Culture  /  Comparison

The Best Way to Explain the G.O.P. Is Found in the W.W.E.

Kayfabe — the knowledge that pro wrestling is fake — has a long history in American entertainment. It also explains something deep about G.O.P. politics now.

Old kayfabe was built on the solid, flat foundation of one big lie: that wrestling was real. Neokayfabe, on the other hand, rests on a slippery, ever-wobbling jumble of truths, half-truths, and outright falsehoods, all delivered with the utmost passion and commitment. After a while, the producers and the consumers of neokayfabe tend to lose the ability to distinguish between what’s real and what isn’t. Wrestlers can become their characters; fans can become deluded obsessives who get off on arguing or total cynics who gobble it all up for the thrills, truth be damned.

Does all that remind you of anything?

Neokayfabe is the essence of the Republican strategy for campaigning and governance today. That’s no surprise, given Mr. McMahon’s influence on G.O.P. politics. His product, filled with bigotry and malevolence, was a primary cultural influence on countless millennials, especially during the W.W.F.’s late-century peak (in 1999, Gallup estimated that 18 percent of Americans, roughly 50 million people, counted themselves as pro wrestling fans), and those millennials have entered the Beltway — and the voting booth. Ms. McMahon has become a major Republican fund-raiser, candidate and official. And, most important of all, there’s the Trump connection.

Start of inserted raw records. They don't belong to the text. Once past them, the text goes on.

Lemma lf_splitting (rho v p h c t s : R) :
  0 < rho -> 0 < p -> Rabs v < 1 -> 0 <= c -> thermo_bounds rho p h (c ^ 2) ->
  (Rabs v + c) / (1 + c * Rabs v) <= t -> s * s = 1 ->
  Uad (cons_state rho v p h) ->
  Uad_closure (sadd (sscale t (cons_state rho v p h))
                    (sscale s (flux (mkPrim rho v p) (cons_state rho v p h)))).
Proof.
  intros Hr Hp Hv Hc [_ [HQ Hcs]] Ht Hs HU.
  pose proof (Uad_abs_mom _ _ _ HU) as Hm.
  unfold cons_state in *; cbn [sscale sadd flux pvel ppres].
  pose proof (lorentz_pos v Hv) as HG0; pose proof (lorentz_sq v Hv) as HG.
  set (G := lorentz v) in *; set (H := rho * h * G ^ 2) in *.
  set (Q := (rho * h - p) ^ 2 - rho ^ 2 - p ^ 2).
  set (a := t + s * v).
  set (av := Rabs v) in *.
  assert (Hav : 0 <= av) by apply Rabs_pos.
  assert (Hv2 : v ^ 2 = av ^ 2) by (unfold av; rewrite pow2_abs; reflexivity).
  destruct (specrad_le_gap av c t) as [Htav Hgap]; [lra | exact Hc | exact Ht |].
  assert (Hsv : - av <= s * v).
  { unfold av; rewrite <- (Rabs_mul_unit s v Hs).
    pose proof (Rle_abs (- (s * v))); rewrite Rabs_Ropp in *; lra. }
  assert (Hgap2 : p ^ 2 * ((1 - t ^ 2) * (1 - v ^ 2)) <= a ^ 2 * Q).
  { rewrite Hv2; apply (energy_gap Q p c t av a); unfold Q, a; lra. }
  assert (Hcone : (t * (rho * G) + s * (rho * G * v)) ^ 2
                  + (t * (H * v) + s * (H * v * v + p)) ^ 2
                  <= (t * (H - p) + s * (H * v)) ^ 2).
  { assert (Hid : (t * (H - p) + s * (H * v)) ^ 2
                  - ((t * (rho * G) + s * (rho * G * v)) ^ 2
                     + (t * (H * v) + s * (H * v * v + p)) ^ 2)
                  = G ^ 2 * (a ^ 2 * Q - p ^ 2 * ((1 - t ^ 2) * (1 - v ^ 2)))
                    + (G ^ 2 * (1 - v ^ 2) - 1)
                      * (p ^ 2 * (1 - t ^ 2) + (rho * h * G * a) ^ 2)
                    - (s * s - 1) * p ^ 2)
      by (unfold H, Q, a; ring).
    rewrite HG, Hs in Hid.
    assert (0 <= G ^ 2 * (a ^ 2 * Q - p ^ 2 * ((1 - t ^ 2) * (1 - v ^ 2))))
      by (apply Rmult_le_pos; [apply pow2_ge_0 | lra]).
    lra. }
  apply Uad_closure_of_sq; [| | exact Hcone].
  - replace (t * (rho * G) + s * (rho * G * v)) with (rho * G * a) by (unfold a; ring).
    apply Rmult_le_pos; [apply Rmult_le_pos|]; unfold a; lra.
  - assert (Hsm : - (H - p) < s * (H * v)).
    { pose proof (Rle_abs (- (s * (H * v)))).
      rewrite Rabs_Ropp, Rabs_mul_unit in * by exact Hs; lra. }
    assert (HE : 0 < H - p) by (pose proof (Rabs_pos (H * v)); lra).
    destruct (Rle_or_lt 1 t) as [Ht1 | Ht1].
    + assert (0 <= (t - 1) * (H - p)) by (apply Rmult_le_pos; lra).
      lra.
    + apply Rlt_le, (pos_of_abs_le _ (s * (t * (H * v) + s * (H * v * v + p)))).
      * rewrite Rabs_mul_unit by exact Hs.
        apply Rsqr_le_abs_0; rewrite !Rsqr_pow2.
        pose proof (pow2_ge_0 (t * (rho * G) + s * (rho * G * v))); lra.
      * assert (Hsum : t * (H - p) + s * (H * v) + s * (t * (H * v) + s * (H * v * v + p))
                       = H * a * (1 + s * v) + p * (1 - t) + p * (s * s - 1))
          by (unfold a; ring).
        rewrite Hs in Hsum.
        assert (0 <= H * a * (1 + s * v))
          by (apply Rmult_le_pos; [apply Rmult_le_pos|]; unfold a; lra).
        nra.
Qed.

Lemma lf_splitting_eos (e : EOS) (w : prim) (u : state) (t s : R) :
  eos_ok e -> is_prim_of e w u -> Uad u -> specrad e w <= t -> s * s = 1 ->
  Uad_closure (sadd (sscale t u) (sscale s (flux w u))).
Proof.
  destruct w as [rho v p]; intros He (Hr & Hp & Hv & <-) HU Ht Hs; cbn in Hr, Hp, Hv.
  pose proof (eos_thermo_bounds e rho p He Hr Hp) as Hth.
  apply (lf_splitting rho v p (enthalpy e rho p) (sound e rho p)); auto.
  - apply sqrt_pos.
  - unfold sound; rewrite pow2_sqrt by apply Hth; exact Hth.
Qed.

Lemma fv_update_decomp (e : EOS) (dt dx wi : R)
  (uL uC uR : state) (wL wC wR : prim) :
  fv_update e dt dx wi wL uL wC uC wR uR =
  sadd (sscale (1 - dt / (wi * dx) * (lam e wL wC + lam e wC wR) / 2) uC)
    (sadd (sscale (dt / (wi * dx) / 2)
             (sadd (sscale (lam e wL wC) uL) (sscale 1 (flux wL uL))))
          (sscale (dt / (wi * dx) / 2)
             (sadd (sscale (lam e wC wR) uR) (sscale (-1) (flux wR uR))))).
Proof.
  destruct uL as [[DL mL] EL], uC as [[DC mC] EC], uR as [[DR mR] ER].
  unfold fv_update, rusanov, flux, sadd, ssub, sscale; cbv beta iota.
  set (k := dt / (wi * dx)); f_equal; [f_equal|]; field.
Qed.

Theorem theorem1 (e : EOS) (dx dt wi : R)
  (uL uC uR : state) (wL wC wR : prim) :
  eos_ok e -> 0 < dx -> 0 < dt -> 0 < wi ->
  Uad uL -> Uad uC -> Uad uR ->
  is_prim_of e wL uL -> is_prim_of e wC uC -> is_prim_of e wR uR ->
  dt * (lam e wL wC + lam e wC wR) / (2 * wi * dx) < 1 ->
  Uad (fv_update e dt dx wi wL uL wC uC wR uR).
Proof.
  intros He Hdx Hdt Hwi HL HC HR PL _ PR Hcfl.
  assert (Hk : 0 < dt / (wi * dx)) by (apply Rdiv_lt_0_compat; nra).
  rewrite fv_update_decomp.
  apply Uad_add_closure; [apply Uad_scale; [|exact HC] | apply Uad_closure_add].
  - replace (dt / (wi * dx) * (lam e wL wC + lam e wC wR) / 2)
      with (dt * (lam e wL wC + lam e wC wR) / (2 * wi * dx)) by (field; lra).
    lra.
  - apply Uad_closure_scale; [lra|].
    apply (lf_splitting_eos e wL); auto; [apply Rmax_l | ring].
  - apply Uad_closure_scale; [lra|].
    apply (lf_splitting_eos e wR); auto; [apply Rmax_r | ring].
Qed.
(* Let $0<\varepsilon<1$ and $N\ge1$. Then for every $t$, $$\left|F(t)-\hat F_N(t)\right|\le\left(\frac{\hat F_N(t)\big(1-\hat F_N(t)\big)}{N\varepsilon}\right)^{1/2}+\left(\frac1N+\frac{1}{N\varepsilon^{1/2}}\right)\left|\sum_{n=1}^N\mathds{1}\Big(\hat Q^{[n]}-\big|e_Q^{[n]}\big|\le t\le\hat Q^{[n]}+\big|e_Q^{[n]}\big|\Big)\right|+\frac{2}{(2N\varepsilon)^{3/4}}$$ with probability greater than or equal to $1-2\varepsilon+\varepsilon^2$.
   Context: Consider the initial value problem $\dot y=f(y,t;\theta)$, $t\in(0,T]$, $y(0)=y_0$, where $\theta$ is a random parameter, and a linear functional $S$ and threshold $R$. The quantity of interest $Q(y;\theta)=\min_{t\in(0,T]}\arg(S(y(t;\theta))=R)$ (the first time the threshold is reached, assumed to exist) is a random variable with cumulative distribution function $F(t)=P(\{\theta:Q(y;\theta)\le t\})$. Let $\theta^{[1]},\dots,\theta^{[N]}$ be independent samples of $\theta$ (Monte Carlo sampling), let $Q^{[n]}$ be the exact value of the QoI for $\theta^{[n]}$, and let $\hat Q^{[n]}$ be the value computed from a numerical solution $Y^{[n]}$ for $\theta^{[n]}$, with error $e_Q^{[n]}=Q^{[n]}-\hat Q^{[n]}$. Define the nominal empirical CDF $F_N(t)=\frac1N\sum_{n=1}^N\mathds{1}(Q^{[n]}\le t)$ and the approximate empirical CDF $\hat F_N(t)=\frac1N\sum_{n=1}^N\mathds{1}(\hat Q^{[n]}\le t)$, where $\mathds{1}$ is the indicator function. *)

From HB Require Import structures.
From mathcomp Require Import all_boot all_order all_algebra.
From mathcomp Require Import all_classical all_reals all_analysis.
Set Implicit Arguments. Unset Strict Implicit. Unset Printing Implicit Defensive.
Import Order.TTheory GRing.Theory Num.Theory.
Import numFieldNormedType.Exports.
Local Open Scope classical_set_scope.
Local Open Scope ring_scope.

(* Mutual independence of a finite family of random elements X n : T -> Th:
   the product rule for every choice of measurable sets (taking B n = setT
   recovers the product rule for every subfamily). *)
Definition mutually_independent d d' (T : measurableType d) (R : realType)
  (P : probability T R) (Th : measurableType d') (N : nat)
  (X : 'I_N -> T -> Th) : Prop :=
  forall B : 'I_N -> set Th, (forall n, measurable (B n)) ->
    P (\bigcap_(n in [set: 'I_N]) (X n @^-1` B n)) =
    (\prod_(n < N) P (X n @^-1` B n))%E.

Mr. McMahon and Donald Trump have been close friends for nearly 40 years. Even before he met Mr. McMahon, Mr. Trump had been a lifelong fan of pro wrestling — as well as a chronic dissembler — but it was Mr. McMahon who ushered Mr. Trump into the world of neokayfabe. Mr. Trump acted as the “host” of two installments of “WrestleMania.” Most spectacularly, Mr. Trump performed as himself in a story line where he and Mr. McMahon pretended to be bitter enemies, sending proxy wrestlers to engage in trial by combat at 2007’s “WrestleMania 23.” Mr. Trump is the first — though possibly not the last — member of the W.W.E. Hall of Fame to occupy the Oval Office.

Before he met Mr. McMahon, Mr. Trump had probably never worked a rowdy arena into a bitter, liberated frenzy by feeding it a mix of verboten truths and outrageous lies. But that skill, so essential in wrestling, would become Mr. Trump’s world-changing trademark.